Move quickly. “And about me?” Diddy delivers the words so fast he hardly had time to envisage the blunt, agonizing blow he was inviting.

“It's so complicated.… At times, I love you deeply. I hate you sometimes; maybe most of the time. And then I pity you, and I'd like to help you. But whenever I think of what it would mean to help you, I become frightened. You have a powerful desire to destroy yourself. I'm afraid that if I really held out my hand to you, you'd pull me under, too.”

Diddy shocked. But quite unwilling altogether to let what had been an exposure of Hester turn upon him (now). “Okay, you've leveled with me. I'm grateful. But let's not change the subject. We were talking about you, Hester. What about
your
destructive needs?”

The girl didn't answer for a moment. A sigh? Then she sat down in the wicker rocking chair near the window. “My destructive needs?… Believe me, Dalton, I don't want to evade your question. It's just that it's hard to answer, since I'm not sure I've even begun to express those needs. But I'm not trying to suggest they don't exist, or that they're only puny desires that are largely dormant. I don't know what their size is. The only thing I'm fairly certain of is their direction.… It would be to destroy someone else, rather than myself.”

“Logged any victims yet?” Diddy says bitterly. The energy for quarreling beginning to fade. Hester had returned to the bed (now); if only to sit on it. The heat and moist odors flowing off her body had begun to suffuse Diddy's mind, blurring his thoughts, interposing a dense vapor between his ability to reason and the crystalline word-blocks stacked in his mouth and ready to be fired off. “Who have you done in so far?”

“You … maybe.”

“Me?” Diddy's voice becoming hoarse. “Don't flatter yourself, baby. I'm perfectly capable of destroying myself without your subtle assistance. All by myself.”

“Maybe you're right.”

“Are you being sarcastic now?” Diddy says scornfully.

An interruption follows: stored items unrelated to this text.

Lemma rowmap_cmpl (A A' B Z : C) (f : Hom A Z) (u : Hom A' A) (g : Hom B Z) :
  rowmap (f ⊚ u) g = rowmap f g ⊚ rowmap (bi1 ⊚ u) bi2.
Proof. by rewrite cmp_rowmap cmpA rowmapKl rowmapKr. Qed.

Lemma eqHK (P Q : C) (e : P = Q) : eqH e ⊚ eqH (esym e) = idm Q.
Proof. by case: Q / e; rewrite /= cmp1m. Qed.

Lemma eqHVK (P Q : C) (e : P = Q) : eqH (esym e) ⊚ eqH e = idm P.
Proof. by case: Q / e; rewrite /= cmp1m. Qed.

(* The identity when [P = Q], and the junk value [0] otherwise; it lets the
   mapping cone below, whose objects are chosen by boolean tests on the index,
   be written without dependent matching. *)
Definition castH (P Q : C) : Hom P Q :=
  match excluded_middle_informative (P = Q) with
  | left e => eqH e
  | right _ => 0
  end.

Lemma castH_eq (P Q : C) (e : P = Q) : castH P Q = eqH e.
Proof.
rewrite /castH; case: excluded_middle_informative => [e'|ne]; last by case: ne.
by rewrite (proof_irrelevance _ e e').
Qed.

Lemma castH_id (P : C) : castH P P = idm P.
Proof. exact: (castH_eq erefl). Qed.

Lemma castHK (P Q : C) : P = Q -> castH Q P ⊚ castH P Q = idm P.
Proof. by move=> e; case: Q / e; rewrite castH_id cmp1m. Qed.

Lemma castHKr (P Q D : C) (x : Hom D P) :
  P = Q -> castH Q P ⊚ (castH P Q ⊚ x) = x.
Proof. by move=> e; rewrite cmpA castHK // cmp1m. Qed.

End AddCatTheory.

Ltac hom_simpl :=
  rewrite ?(cmpAr, cmpDl, cmpDr, cmpNl, cmpNr, cmp0l, cmp0r, bp11r, bp22r,
            bp12r, bp21r, bp11, bp22, bp12, bp21, rowmapKl, rowmapKr, cmp1m, cmpm1, addr0, add0r, oppr0).

Section BiFunTheory.
Local Open Scope ring_scope.
Variables (C : AddCat) (E : BiFun C).

Lemma pf0 (Z A A' : C) (d : Ext E Z A) : pf (0 : Hom A A') d = 0.
Proof. by apply: (addrI (pf (0 : Hom A A') d)); rewrite -pf_adda !addr0. Qed.

Lemma pb0 (Z' Z A : C) (d : Ext E Z A) : pb (0 : Hom Z' Z) d = 0.
Proof. by apply: (addrI (pb (0 : Hom Z' Z) d)); rewrite -pb_addc !addr0. Qed.

Lemma pb_castExt (A A' Z Z' : C) (eA : A = A') (eZ : Z' = Z) (d : Ext E Z A) :
  pb (eqH (esym eZ)) (castExt eA eZ d) = pf (eqH eA) d.
Proof. by rewrite /castExt pf_pb -pb_cmp eqHK pb_id. Qed.

End BiFunTheory.

Section MappingCone.
Local Open Scope ring_scope.
Variables (C : AddCat) (m : nat) (X Y : Cx C) (f : forall i, Hom (ob X i) (ob Y i)).
Local Notation n := m.+1.

Definition cone_mid i : C := bp (ob X i.+1) (ob Y i).

Definition cone_ob i : C :=
  if i == 0%N then ob X 1%N else if i == n.+1 then ob Y n.+1 else cone_mid i.

Definition cone_mid_df i : Hom (cone_mid i) (cone_mid i.+1) :=
  bi1 ⊚ (- df X i.+1 ⊚ bp1) + bi2 ⊚ (f i.+1 ⊚ bp1 + df Y i ⊚ bp2).

Definition cone_df i : Hom (cone_ob i) (cone_ob i.+1) :=
  if i == 0%N then
    castH (cone_mid 1%N) _ ⊚ (bi1 ⊚ - df X 1%N + bi2 ⊚ f 1%N) ⊚ castH _ (ob X 1%N)
  else if i == n then
    castH (ob Y n.+1) _ ⊚ rowmap (f n.+1) (df Y n) ⊚ castH _ (cone_mid n)
  else castH (cone_mid i.+1) _ ⊚ cone_mid_df i ⊚ castH _ (cone_mid i).

Definition cone : Cx C := {| ob := cone_ob; df := cone_df |}.

Lemma cone_ob_mid i : (0 < i <= n)%N -> cone_ob i = cone_mid i.
Proof.
case: i => // i /= le_in; rewrite /cone_ob /= ifF //.
by apply/negbTE; rewrite eqSS neq_ltn le_in.
Qed.

Lemma cone_ob_top : cone_ob n.+1 = ob Y n.+1.
Proof. by rewrite /cone_ob /= eqxx. Qed.

Lemma cone_df0 :
  cone_df 0%N = castH (cone_mid 1%N) (cone_ob 1%N) ⊚ (bi1 ⊚ - df X 1%N + bi2 ⊚ f 1%N).
Proof. by rewrite /cone_df /= (castH_id (ob X 1%N)) cmpm1. Qed.

Lemma cone_df_mid i : (0 < i < n)%N ->
  cone_df i = castH (cone_mid i.+1) (cone_ob i.+1) ⊚ cone_mid_df i
                ⊚ castH (cone_ob i) (cone_mid i).
Proof.
case/andP=> i_gt0 lt_in; rewrite /cone_df ifF; last exact/negbTE/lt0n_neq0.
by rewrite ifF //; apply/negbTE; rewrite neq_ltn lt_in.
Qed.

Lemma cone_df_top : cone_df n =
  castH (ob Y n.+1) (cone_ob n.+1) ⊚ rowmap (f n.+1) (df Y n)
    ⊚ castH (cone_ob n) (cone_mid n).
Proof. by rewrite /cone_df /= eqxx. Qed.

“No. I'm thinking. Wondering whether what you said is really true.… Listen, Dalton, however much you hate me right now, or think I hate you, you must believe that I don't
want
you to go under. And whatever you're bent on doing,
I
don't want to be the means of destroying you. And maybe I'm not. And couldn't be. Maybe you're doing it all by yourself, as you just said. God, how I'd like to believe I'm not part of it!… But I can't. What I think is that you do want to be destroyed, but aren't strong enough to do it. You
do
need me to help you. And I don't want to—at least I think I don't.…”

“Hester—”

“Yes, maybe I do. I'm not a saint. And you're tempting me, Dalton, it's the most depraved kind of seduction. I don't want to destroy you. But deep down I feel that's just what you're begging me to do.”

Could Hester be right? Suddenly, for a brief flash of light, Diddy the Deceived saw the truth illuminated. Saw the vast extent of the dark, fatal labyrinth in which he was toiling. Perceived how alone in it he was. Either there was no one to lead him out, or Diddy's false Ariadne had dropped the thread.

But maybe matters aren't that hopeless. Maybe their pain could be explained in terms less absolute. A psychological explanation, if you will. Diddy, not really alive, had a life. An unfortunate example for a person like Hester, someone younger and essentially innocent. She (now) was beginning to see the monsters, half brute and half human, that Diddy saw. Perhaps being blind, without literal vision of her own, makes her even more susceptible to his black visions. His commitment to suffering was infecting Hester. Her own precious ration of vitality, preserved through such excruciating trials, leaking away. Once Hester, really alive, was her life. Didn't merely have a life. Sharing Diddy's provisional existence was adulterating her vitality. The longer she lived with him, the more fully she partook of his suffering and morbidity.

Hence, her tirade tonight.

“I'm going to think long and hard about what you've said,” Diddy murmured. “I think it's all wrong, absolutely crazy.
I
know what the trouble is.”

“Do you?”

No, to tell the truth, Diddy doesn't. And Diddy the Truth-teller says so. “Okay, maybe there is something right in what you're saying, too.”